It is known that heavy oil deposits respond favourably to thermal stimulation and their recovery is thereby greatly enhanced as described above. In certain circumstances because the amount of energy required to achieve minimum recovery objectives set at any particular time and/or for any particular site, insufficient energy may be left for production of sufficient hydrogen to desulphurize all of the separated light oil fractions. In such a case, a proportion of the recovered heavy oil-water mixture may be stored temporarily or the residual feedstock to the gasifiers 4 may be supplemented with a small part of the recovered heavy oil-water mixture which would otherwise be processed to light oil. This latter procedure can be followed as long as the net cost of production of light oil (and heavy water where produced) are competitive with other heavy oil recovery and processing systems and the quantity of light oil produced meets acceptable criteria for a net yield of light oil from the natural hydrocarbon resource.
Alternatively, where supplies of coal are economically available to be shipped in, or are available for surface mining near the central plant using electric power generated in process, coal in slurried form can be used to supplement the residual feedstock to the gasifier units 4. This would obviate the need for any use of part of the heavy oil-water mixture as feed to the gasifiers thereby making more heavy oil available for hydrocracking and increasing the yield of light oils. This use of coal would increase the yield of light oil in an increment comparable to what could be extracted from the coal by liquifying it in a separate process.
Hence where the energy balance of any particular plant requires that the quantity of residaul feedstock fed to the gasifier units be supplemented this can be accomplished using a small percentage of the heavy oil-water mixture or by using coal. In doing so this will not disrupt the favourable economics of the process invention as this additional thermal energy is produced at very low cost because of the high thermal efficiency of the process in comparison with the cost of otherwise purchasing electric power or fuels for use in the processing system, or methane or propane for underground stimulation of producing hydrogen.
It will be appreciated from the foregoing that the invention can take other forms consistent with utilizing the above described process steps to thereby achieve enhanced recovery and refining of less conventional hydrocarbon resources in an economical, essentially energy self-sufficient process. It is important to the process invention that the residual hydrocarbons remaining after upgrading are used to generate thermal energy which in turn is utilized to generate various forms of energy including electric power for the electrolytic separation of hydrogen and oxygen, the hydrogen being used to carry out its most valuable function of hydrotreating to achieve sulphur removal and upgrading.

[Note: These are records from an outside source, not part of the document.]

(* Let $\mathbb{X}$ be a discrete group with identity $\circ$, and let $\mu$ be a finitely supported probability measure on $\mathbb{X}$ satisfying (A1) $\mu(xzx^{-1})=\mu(z)$ for all $x,z\in\mathbb{X}$ and (A2) $\mu(z)=\mu(z^{-1})$ for all $z\in\mathbb{X}$. Fix $z\in\mathbb{X}$ and $n\in\mathbb{N}$. There exists a function $\phi\colon\mathbb{X}^n\times[n+1]\to\mathbb{X}^{n+1}$ such that for all $(w,i)\in\mathbb{X}^n\times[n+1]$: (i) $\mathrm{val}(\phi(w,i))=\mathrm{val}(w)z$; (ii) $\mu^{\otimes(n+1)}(\phi(w,i))=\mu^{\otimes n}(w)\mu(z)$; (iii) $|\phi^{-1}(\phi(w,i))|=1+\ell_z(w)$; (iv) a sequence $\eta\in\mathbb{X}^{n+1}$ is in the image of $\phi$ if and only if $\ell_z(\eta)\neq 0$.
   Context: $[m]=\{1,\ldots,m\}$. For a sequence $w=(w_1,\ldots,w_m)\in\mathbb{X}^m$: $\mathrm{val}(w):=w_1w_2\cdots w_m$ (the empty product being $\circ$), $\mu^{\otimes m}(w):=\prod_{j=1}^m\mu(w_j)$, and $\ell_z(w):=\sum_{j=1}^m\mathbf{1}\{w_j=(w_{j+1}\cdots w_m)\,z\,(w_{j+1}\cdots w_m)^{-1}\}$, where for $j=m$ the product $w_{j+1}\cdots w_m$ is $\circ$. *)

(* a (possibly infinite) discrete group is a [groupType]
   from mathcomp/boot/monoid.v; measures are real-valued on R : realType. *)
From HB Require Import structures.
From mathcomp Require Import all_boot all_order all_algebra.
From mathcomp Require Import monoid.
From mathcomp Require Import reals.
Set Implicit Arguments. Unset Strict Implicit. Unset Printing Implicit Defensive.
Import Order.TTheory GRing.Theory Num.Theory.

Section Defs.
Variable X : groupType.

Definition valw (w : seq X) : X := foldr (fun a b => (a * b)%g) 1%g w.

(* ell_z(w) = #{ j in [m] : w_j = (w_{j+1}...w_m) z (w_{j+1}...w_m)^-1 }
   (indices here are 0-based: position j of the seq is w_{j+1}) *)
Definition ellz (z : X) (w : seq X) : nat :=
  \sum_(j < size w)
     (nth 1%g w j == (valw (drop j.+1 w) * z * (valw (drop j.+1 w))^-1)%g : nat).

Variable R : realType.

Definition mu_prod (mu : X -> R) (w : seq X) : R := \prod_(x <- w) mu x.

Definition fin_supp_prob (mu : X -> R) : Prop :=
  (forall x, 0 <= mu x)%R /\
  exists s : seq X, [/\ uniq s, (forall x, mu x != 0%R -> x \in s)
                   & (\sum_(x <- s) mu x = 1)%R].
End Defs.

From HB Require Import structures.
From mathcomp Require Import all_boot all_order all_algebra.
From mathcomp Require Import monoid.
From mathcomp Require Import reals.

Set Implicit Arguments. Unset Strict Implicit. Unset Printing Implicit Defensive.
Import GRing.Theory.

(* Insert, at position i of w, the conjugate of z by the suffix product
   S = w_(i+1) ... w_n.  Since (S z S^-1) S = S z, the value of the word is
   multiplied by z, and conjugation invariance of mu multiplies its weight by
   mu z.  The inserted
   letter is a z-mark, i.e. a position counted by ell_z.  Marks of w survive:
   suffix products to the left of i gain a right factor z, which does not
   change the conjugate of z they define.  Conversely, deleting any marked
   letter of eta undoes an insertion, so the fibre of eta is indexed by its
   marks; there are ell_z(eta) of them, and 1 + ell_z(w) when eta = phi(w, i). *)

Section Insertion.
Variable X : groupType.
Variable z : X.

Definition zconj (S : X) : X := (S * z * S^-1)%g.

Definition zmark (w : seq X) (j : nat) : bool :=
  nth 1%g w j == zconj (valw (drop j.+1 w)).

Definition insz (w : seq X) (i : nat) : seq X :=
  take i w ++ zconj (valw (drop i w)) :: drop i w.

Definition delz (w : seq X) (j : nat) : seq X := take j w ++ drop j.+1 w.

Lemma valw_cat (s t : seq X) : valw (s ++ t) = (valw s * valw t)%g.
Proof. by elim: s => [|a s IH] /=; rewrite ?mul1g // IH mulgA. Qed.

Lemma zconjMz S : zconj (S * z)%g = zconj S.
Proof. by rewrite /zconj invgM !mulgA mulgK. Qed.

Lemma ellzE w : ellz z w = count (zmark w) (iota 0 (size w)).
Proof.
rewrite /ellz -(big_mkord xpredT (fun j => zmark w j : nat)).
rewrite /index_iota subn0 -sum1_count [RHS]big_mkcond.
by apply: eq_bigr => j _; case: zmark.
Qed.

Lemma ellz_cons a w : ellz z (a :: w) = (a == zconj (valw w)) + ellz z w.
Proof. by rewrite /ellz big_ord_recl /= drop0. Qed.

Lemma insz0 w : insz w 0 = zconj (valw w) :: w.
Proof. by rewrite /insz take0 drop0. Qed.

Lemma insz_cons a w i : insz (a :: w) i.+1 = a :: insz w i.
Proof. by []. Qed.

Lemma size_insz w i : size (insz w i) = (size w).+1.
Proof. by rewrite /insz size_cat /= addnS -size_cat cat_take_drop. Qed.

Lemma valw_insz w i : valw (insz w i) = (valw w * z)%g.
Proof.
by rewrite /insz valw_cat /= /zconj mulgVK mulgA -valw_cat cat_take_drop.
Qed.

Lemma mu_prod_insz (R : realType) (f : X -> R) w i :
  (forall x y : X, f (x * y * x^-1)%g = f y) ->
  mu_prod f (insz w i) = (mu_prod f w * f z)%R.
Proof.
move=> f_class; rewrite /mu_prod -[in RHS](cat_take_drop i w) !big_cat big_cons.
by rewrite f_class /= mulrCA mulrC.
Qed.

Lemma ellz_insz w i : ellz z (insz w i) = (ellz z w).+1.
Proof.
elim: w i => [|a w IH] [|i]; rewrite ?insz0 ellz_cons ?eqxx //.
by rewrite insz_cons ellz_cons IH valw_insz zconjMz addnS.
Qed.

Lemma zmark_insz w i : i <= size w -> zmark (insz w i) i.
Proof.
move=> le_iw; have size_take_i : size (take i w) = i by rewrite size_takel.
rewrite /zmark /insz nth_cat size_take_i ltnn subnn /=.
by rewrite -addn1 drop_cat size_take_i ltnNge leq_addr /= addKn drop1.
Qed.

Lemma inszK w i : i <= size w -> delz (insz w i) i = w.
Proof.
move=> le_iw; have size_take_i : size (take i w) = i by rewrite size_takel.
rewrite /delz /insz take_size_cat // -addn1 drop_cat size_take_i.
by rewrite ltnNge leq_addr /= addKn drop1 cat_take_drop.
Qed.

Lemma delzK w j : j < size w -> zmark w j -> insz (delz w j) j = w.
Proof.
move=> lt_jw /eqP mark_j; have size_take_j : size (take j w) = j.
  by rewrite size_takel // ltnW.
rewrite /insz /delz take_size_cat // drop_size_cat // -mark_j.
by rewrite -drop_nth // cat_take_drop.
Qed.

Section Tuples.
Variable n : nat.

Lemma insz_tupleP (w : n.-tuple X) i : size (insz w i) == n.+1.
Proof. by rewrite size_insz size_tuple. Qed.

Definition insz_tuple (w : n.-tuple X) i : n.+1.-tuple X := Tuple (insz_tupleP w i).

Lemma delz_tupleP (w : n.+1.-tuple X) (j : 'I_n.+1) : size (delz w j) == n.
Proof.
have le_jw : j <= size w by rewrite size_tuple ltnW.
by rewrite size_cat size_takel // size_drop size_tuple subSS subnKC // -ltnS.
Qed.

Definition delz_tuple (w : n.+1.-tuple X) (j : 'I_n.+1) : n.-tuple X :=
  Tuple (delz_tupleP w j).

Lemma insz_tuple_eq (w : n.-tuple X) (i : 'I_n.+1) eta :
  insz_tuple w i = eta <-> zmark eta i /\ w = delz_tuple eta i.
Proof.
split=> [<- | [mark_i ->]]; last by apply: val_inj; rewrite /= delzK ?size_tuple.
have le_in : i <= size w by rewrite size_tuple -ltnS.
by split; [apply: zmark_insz | apply: val_inj; rewrite /= inszK].
Qed.

Lemma ellz_tuple (eta : n.+1.-tuple X) :
  ellz z eta = count (fun j : 'I_n.+1 => zmark eta j) (enum 'I_n.+1).
Proof. by rewrite ellzE size_tuple -val_enum_ord count_map. Qed.

Definition insz_preimage (eta : n.+1.-tuple X) : seq (n.-tuple X * 'I_n.+1) :=
  [seq (delz_tuple eta j, j) | j <- [seq j : 'I_n.+1 <- enum 'I_n.+1 | zmark eta j]].

Lemma uniq_insz_preimage eta : uniq (insz_preimage eta).
Proof.
by rewrite map_inj_uniq ?(filter_uniq _ (enum_uniq _)) // => j1 j2 [].
Qed.

Lemma size_insz_preimage eta : size (insz_preimage eta) = ellz z eta.
Proof. by rewrite size_map size_filter ellz_tuple. Qed.

Lemma mem_insz_preimage eta p :
  p \in insz_preimage eta <-> insz_tuple p.1 p.2 = eta.
Proof.
case: p => w j /=; split.
  case/mapP=> k; rewrite mem_filter => /andP[mark_k _] [-> ->].
  by apply/insz_tuple_eq.
case/insz_tuple_eq=> mark_j ->; apply/mapP; exists j => //.
by rewrite mem_filter mark_j mem_enum.
Qed.

End Tuples.

End Insertion.

Theorem lemma1 (X : groupType) (R : realType) (mu : X -> R)
  (Hmu : fin_supp_prob mu)
  (A1 : forall x z : X, mu (x * z * x^-1)%g = mu z)
  (A2 : forall z : X, mu (z^-1)%g = mu z)
  (z : X) (n : nat) :
  exists phi : n.-tuple X * 'I_n.+1 -> n.+1.-tuple X,
    [/\ (forall (w : n.-tuple X) (i : 'I_n.+1), valw (phi (w, i)) = (valw w * z)%g),
        (forall (w : n.-tuple X) (i : 'I_n.+1), mu_prod mu (phi (w, i)) = (mu_prod mu w * mu z)%R),
        (forall (w : n.-tuple X) (i : 'I_n.+1), exists s : seq (n.-tuple X * 'I_n.+1),
            [/\ uniq s, size s = (1 + ellz z w)%N &
                forall p, p \in s <-> phi p = phi (w, i)])
      & (forall eta : n.+1.-tuple X,
            (exists p, phi p = eta) <-> ellz z eta <> 0%N)].
Proof.
exists (fun p : n.-tuple X * 'I_n.+1 => insz_tuple z p.1 p.2); split.
- by move=> w i; apply: valw_insz.
- by move=> w i; apply: mu_prod_insz.
- move=> w i; exists (insz_preimage z (insz_tuple z w i)); split.
  + exact: uniq_insz_preimage.
  + by rewrite size_insz_preimage ellz_insz.
  + exact: mem_insz_preimage.
- move=> eta; split=> [[[w i] <-] | ]; first by rewrite ellz_insz.
  rewrite ellz_tuple => /eqP; rewrite -lt0n -has_count => /hasP[j _ mark_j].
  by exists (delz_tuple eta j, j); apply/insz_tuple_eq.
Qed.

To produce the thermal energy from the hydrocarbon residuals conventional boilers could be used in combination with the gasifier units 4 described above. A combination of 7 to 9 gasifier units at the unit capacity described above and one or more conventional steam boilers may be employed. As explained above, the energy balance for a given plant may require the use of a portion of the recovered heavy oil as fuel for increased hot gas production. This additional supply of fuel can be taken from the recovered heavy oil before upgrading and sulphur removal and fed to the gasifiers which are capable of handling sulphur containing fuel. Any such heavy oil to be used as supplementary gasifier fuel may be drawn before or after oil-water separation. In a further alternative, it may be drawn from a point in oil-water separation unit 2 where the heavy crude oil and water are most thoroughly mixed or emulsified and therefore more difficult to separate, as the water content of the oil-water mixture is required in any event for gasifier operation. The heavy oil-water mixture may be mixed with the hydrocarbon residuals fed to the gasifiers. It will be appreciated that the fuel supplement may also be taken from the desulphurized light oil after sulphur removal, a procedure more likely to be followed to supply fuel for boilers when used, boilers requiring a low sulphur fuel for efficient operation.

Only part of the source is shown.